◆ **What is required**:
Find the count of lines in the material below that include the word "Fixpoint". State nothing but that number.
-- Data for this exercise follows --
(* Let $S=(N,M_0)$ be a live H1S system. Then $S$ is reversible if and only if $S$ enables a T-sequence.
   Context: A Petri net is $N=(P,T,W)$ with finite disjoint sets $P$, $T$ and weights $W:(P\times T)\cup(T\times P)\to\mathbb{N}$; incidence matrix $I(p,t)=W(t,p)-W(p,t)$. Transition $t$ is enabled at $M$ if $M(p)\ge W(p,t)$ for all $p$; firing yields $M+I[\cdot,t]$. A system is live if for every transition $t$ and every reachable marking $M'$ some marking reachable from $M'$ enables $t$; it is reversible if $M_0$ is reachable from every marking reachable from $M_0$. A place is shared if it has at least two output transitions; an H1S net is a homogeneous net (for each place, all its output arc weights are equal) with at most one shared place. A T-sequence of $S$ is a firing sequence $\sigma$ feasible from $M_0$ containing every transition of $T$ and such that $I\cdot\mathbf{P}(\sigma)=0$, where $\mathbf{P}(\sigma)$ is its Parikh vector. *)

From mathcomp Require Import all_boot all_order all_algebra.
Set Implicit Arguments. Unset Strict Implicit. Unset Printing Implicit Defensive.
Import GRing.Theory Num.Theory.

(* A Petri net N = (P, T, W): P, T finite types, weights split into
   Wpt : P -> T -> nat  (= W(p,t), arcs place -> transition) and
   Wtp : T -> P -> nat  (= W(t,p), arcs transition -> place). *)
Section PetriNet.
Variables (P T : finType) (Wpt : P -> T -> nat) (Wtp : T -> P -> nat).

Definition marking := {ffun P -> nat}.

Definition incidence (p : P) (t : T) : int := (Wtp t p)%:Z - (Wpt p t)%:Z.

Definition enabled (M : marking) (t : T) : bool := [forall p, Wpt p t <= M p].

(* firing t at M (meaningful when t enabled): M + I[.,t] *)
Definition fire (M : marking) (t : T) : marking :=
  [ffun p => M p - Wpt p t + Wtp t p].

Fixpoint feasible (M : marking) (s : seq T) : bool :=
  if s is t :: s' then enabled M t && feasible (fire M t) s' else true.

Fixpoint fire_seq (M : marking) (s : seq T) : marking :=
  if s is t :: s' then fire_seq (fire M t) s' else M.

Definition reachable (M M' : marking) : Prop :=
  exists s : seq T, feasible M s /\ fire_seq M s = M'.

Definition live (M0 : marking) : Prop :=
  forall (t : T) (M' : marking), reachable M0 M' ->
    exists M'', reachable M' M'' /\ enabled M'' t.

Definition reversible (M0 : marking) : Prop :=
  forall M' : marking, reachable M0 M' -> reachable M' M0.

Definition homogeneous : Prop :=
  forall (p : P) (t t' : T), 0 < Wpt p t -> 0 < Wpt p t' -> Wpt p t = Wpt p t'.

Definition shared (p : P) : bool := 1 < #|[set t : T | 0 < Wpt p t]|.

Definition H1S : Prop :=
  homogeneous /\ forall p q : P, shared p -> shared q -> p = q.

Definition parikh (s : seq T) (t : T) : nat := count_mem t s.

Definition T_sequence (M0 : marking) (s : seq T) : Prop :=
  [/\ feasible M0 s,
      (forall t : T, t \in s) &
      (forall p : P, (\sum_(t : T) incidence p t * (parikh s t)%:Z)%R = 0%R)].

End PetriNet.

From mathcomp Require Import all_boot all_order all_algebra.
From mathcomp Require Import zify.
Set Implicit Arguments. Unset Strict Implicit. Unset Printing Implicit Defensive.
Import GRing.Theory Num.Theory.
-- Data for this exercise concluded --
◆ **Worked solution**:
2